§ TASK ITEM: Restate verbatim the span of lines below between the line with "have Y_le : (L" and the line with "by move/(ler_wpM2r (ltW", including those two lines, and only that span.

[Stored items]

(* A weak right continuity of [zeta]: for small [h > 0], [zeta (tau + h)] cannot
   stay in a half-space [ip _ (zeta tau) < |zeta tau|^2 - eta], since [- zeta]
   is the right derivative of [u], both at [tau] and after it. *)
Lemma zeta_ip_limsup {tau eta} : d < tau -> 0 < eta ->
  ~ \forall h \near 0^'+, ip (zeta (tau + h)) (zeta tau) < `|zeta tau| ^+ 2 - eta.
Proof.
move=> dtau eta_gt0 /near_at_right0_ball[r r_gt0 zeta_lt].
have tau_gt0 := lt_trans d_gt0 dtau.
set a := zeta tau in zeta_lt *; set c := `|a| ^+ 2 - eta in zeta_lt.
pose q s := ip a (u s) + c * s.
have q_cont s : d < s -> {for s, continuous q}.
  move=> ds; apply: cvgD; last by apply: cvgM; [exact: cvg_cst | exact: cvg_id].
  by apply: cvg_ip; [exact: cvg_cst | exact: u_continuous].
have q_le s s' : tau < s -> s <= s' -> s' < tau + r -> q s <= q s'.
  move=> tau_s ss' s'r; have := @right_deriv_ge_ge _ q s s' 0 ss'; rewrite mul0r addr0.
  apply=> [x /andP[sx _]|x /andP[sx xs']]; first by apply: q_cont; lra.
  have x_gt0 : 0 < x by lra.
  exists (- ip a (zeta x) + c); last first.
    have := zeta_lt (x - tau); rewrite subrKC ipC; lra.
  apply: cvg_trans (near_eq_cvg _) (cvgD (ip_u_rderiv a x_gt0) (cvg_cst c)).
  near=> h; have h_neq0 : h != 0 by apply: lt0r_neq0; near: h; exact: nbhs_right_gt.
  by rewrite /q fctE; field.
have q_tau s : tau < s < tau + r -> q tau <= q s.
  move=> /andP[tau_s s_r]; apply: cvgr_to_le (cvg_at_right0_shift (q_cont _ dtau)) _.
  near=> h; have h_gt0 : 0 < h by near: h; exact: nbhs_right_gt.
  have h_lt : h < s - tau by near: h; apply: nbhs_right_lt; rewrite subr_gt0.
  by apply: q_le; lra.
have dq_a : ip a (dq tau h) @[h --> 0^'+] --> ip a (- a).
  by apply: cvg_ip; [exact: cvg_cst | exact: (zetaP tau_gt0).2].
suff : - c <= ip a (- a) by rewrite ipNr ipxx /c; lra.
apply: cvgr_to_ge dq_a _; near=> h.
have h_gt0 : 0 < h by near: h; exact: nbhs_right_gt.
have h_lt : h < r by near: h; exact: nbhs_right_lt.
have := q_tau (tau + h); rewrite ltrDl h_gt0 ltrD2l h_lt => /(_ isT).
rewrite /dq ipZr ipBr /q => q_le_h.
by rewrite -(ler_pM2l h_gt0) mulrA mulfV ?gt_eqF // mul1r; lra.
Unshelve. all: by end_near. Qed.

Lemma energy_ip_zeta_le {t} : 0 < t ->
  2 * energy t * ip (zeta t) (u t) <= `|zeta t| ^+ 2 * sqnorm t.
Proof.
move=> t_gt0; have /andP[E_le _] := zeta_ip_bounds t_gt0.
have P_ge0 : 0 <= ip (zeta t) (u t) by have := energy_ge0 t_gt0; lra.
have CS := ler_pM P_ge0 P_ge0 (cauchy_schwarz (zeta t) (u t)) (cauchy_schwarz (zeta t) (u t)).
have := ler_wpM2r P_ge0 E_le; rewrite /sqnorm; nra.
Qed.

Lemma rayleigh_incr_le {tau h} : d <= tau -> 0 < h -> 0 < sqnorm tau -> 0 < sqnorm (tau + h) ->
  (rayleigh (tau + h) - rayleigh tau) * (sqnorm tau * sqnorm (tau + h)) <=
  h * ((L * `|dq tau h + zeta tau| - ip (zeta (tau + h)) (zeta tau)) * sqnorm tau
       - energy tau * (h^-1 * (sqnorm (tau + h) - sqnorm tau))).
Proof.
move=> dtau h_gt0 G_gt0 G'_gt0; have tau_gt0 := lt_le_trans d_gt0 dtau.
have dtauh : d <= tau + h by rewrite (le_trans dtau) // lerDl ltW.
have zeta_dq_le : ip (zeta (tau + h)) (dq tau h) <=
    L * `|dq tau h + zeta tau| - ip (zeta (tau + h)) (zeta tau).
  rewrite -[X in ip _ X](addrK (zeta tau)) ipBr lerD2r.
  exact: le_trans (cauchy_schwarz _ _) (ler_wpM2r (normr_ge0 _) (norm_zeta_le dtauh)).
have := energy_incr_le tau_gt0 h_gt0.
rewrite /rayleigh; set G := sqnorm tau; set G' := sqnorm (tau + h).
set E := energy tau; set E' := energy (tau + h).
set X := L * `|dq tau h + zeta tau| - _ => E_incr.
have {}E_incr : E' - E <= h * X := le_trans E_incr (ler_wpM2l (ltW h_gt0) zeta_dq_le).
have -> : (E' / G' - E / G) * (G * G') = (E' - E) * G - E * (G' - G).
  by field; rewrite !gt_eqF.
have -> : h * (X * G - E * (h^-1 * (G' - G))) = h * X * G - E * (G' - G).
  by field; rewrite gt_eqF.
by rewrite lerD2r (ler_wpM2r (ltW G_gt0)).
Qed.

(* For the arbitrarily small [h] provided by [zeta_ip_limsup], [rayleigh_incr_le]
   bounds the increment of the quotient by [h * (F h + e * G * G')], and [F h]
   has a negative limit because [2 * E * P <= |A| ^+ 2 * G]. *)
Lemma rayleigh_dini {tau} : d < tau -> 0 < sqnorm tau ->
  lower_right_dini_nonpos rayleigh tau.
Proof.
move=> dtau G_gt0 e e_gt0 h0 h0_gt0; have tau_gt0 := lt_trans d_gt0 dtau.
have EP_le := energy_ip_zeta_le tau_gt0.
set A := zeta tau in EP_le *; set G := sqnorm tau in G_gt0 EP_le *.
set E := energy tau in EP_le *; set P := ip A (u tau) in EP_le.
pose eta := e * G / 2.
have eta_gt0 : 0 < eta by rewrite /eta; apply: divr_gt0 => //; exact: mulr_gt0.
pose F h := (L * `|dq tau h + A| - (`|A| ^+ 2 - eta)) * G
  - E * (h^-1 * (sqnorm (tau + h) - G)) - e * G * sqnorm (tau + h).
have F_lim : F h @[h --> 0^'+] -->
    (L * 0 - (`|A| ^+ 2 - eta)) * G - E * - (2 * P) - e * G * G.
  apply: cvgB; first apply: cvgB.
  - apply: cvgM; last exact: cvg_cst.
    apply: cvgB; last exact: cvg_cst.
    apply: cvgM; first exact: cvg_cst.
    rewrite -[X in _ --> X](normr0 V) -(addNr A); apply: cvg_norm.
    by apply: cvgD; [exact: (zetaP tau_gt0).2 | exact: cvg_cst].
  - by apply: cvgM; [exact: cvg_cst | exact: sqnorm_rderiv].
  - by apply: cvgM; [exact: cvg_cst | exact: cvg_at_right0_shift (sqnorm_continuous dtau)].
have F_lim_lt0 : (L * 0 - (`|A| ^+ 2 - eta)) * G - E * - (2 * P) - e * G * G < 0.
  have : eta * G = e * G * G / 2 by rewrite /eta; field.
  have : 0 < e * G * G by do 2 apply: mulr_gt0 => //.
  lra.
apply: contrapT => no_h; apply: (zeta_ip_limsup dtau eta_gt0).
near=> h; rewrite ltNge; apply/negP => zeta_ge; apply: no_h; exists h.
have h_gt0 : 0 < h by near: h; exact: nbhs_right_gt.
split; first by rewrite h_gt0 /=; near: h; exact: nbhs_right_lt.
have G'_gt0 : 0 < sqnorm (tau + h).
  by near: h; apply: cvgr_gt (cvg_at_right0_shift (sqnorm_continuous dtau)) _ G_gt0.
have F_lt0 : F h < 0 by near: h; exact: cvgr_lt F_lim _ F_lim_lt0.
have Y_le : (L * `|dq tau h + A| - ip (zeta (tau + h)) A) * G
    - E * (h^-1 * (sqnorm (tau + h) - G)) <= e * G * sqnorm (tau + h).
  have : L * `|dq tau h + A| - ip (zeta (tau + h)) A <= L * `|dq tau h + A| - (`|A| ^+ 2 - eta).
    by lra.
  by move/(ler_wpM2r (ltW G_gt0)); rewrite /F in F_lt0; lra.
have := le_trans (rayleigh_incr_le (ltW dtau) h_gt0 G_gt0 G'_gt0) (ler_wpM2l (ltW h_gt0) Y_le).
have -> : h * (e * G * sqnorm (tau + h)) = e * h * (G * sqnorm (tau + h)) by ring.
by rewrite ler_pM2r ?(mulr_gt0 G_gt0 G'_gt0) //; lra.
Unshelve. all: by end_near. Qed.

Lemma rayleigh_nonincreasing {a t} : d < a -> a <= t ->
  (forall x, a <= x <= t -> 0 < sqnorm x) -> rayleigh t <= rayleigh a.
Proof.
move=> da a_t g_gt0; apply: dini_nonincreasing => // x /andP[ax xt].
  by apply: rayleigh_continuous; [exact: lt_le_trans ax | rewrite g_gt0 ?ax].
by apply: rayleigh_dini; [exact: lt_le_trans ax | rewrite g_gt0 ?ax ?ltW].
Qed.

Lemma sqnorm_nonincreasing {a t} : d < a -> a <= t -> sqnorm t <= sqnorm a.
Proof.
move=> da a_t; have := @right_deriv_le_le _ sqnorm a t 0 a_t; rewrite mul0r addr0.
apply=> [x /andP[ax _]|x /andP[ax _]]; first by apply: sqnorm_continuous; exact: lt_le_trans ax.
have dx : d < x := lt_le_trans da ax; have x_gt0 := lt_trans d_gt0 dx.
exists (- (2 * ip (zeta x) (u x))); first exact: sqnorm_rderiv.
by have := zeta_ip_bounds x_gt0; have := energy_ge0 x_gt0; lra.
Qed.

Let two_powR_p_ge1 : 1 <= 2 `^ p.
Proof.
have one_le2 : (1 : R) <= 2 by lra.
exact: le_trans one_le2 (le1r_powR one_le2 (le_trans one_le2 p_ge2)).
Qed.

§ ANSWER AREA:
have Y_le : (L * `|dq tau h + A| - ip (zeta (tau + h)) A) * G
    - E * (h^-1 * (sqnorm (tau + h) - G)) <= e * G * sqnorm (tau + h).
  have : L * `|dq tau h + A| - ip (zeta (tau + h)) A <= L * `|dq tau h + A| - (`|A| ^+ 2 - eta).
    by lra.
  by move/(ler_wpM2r (ltW G_gt0)); rewrite /F in F_lt0; lra.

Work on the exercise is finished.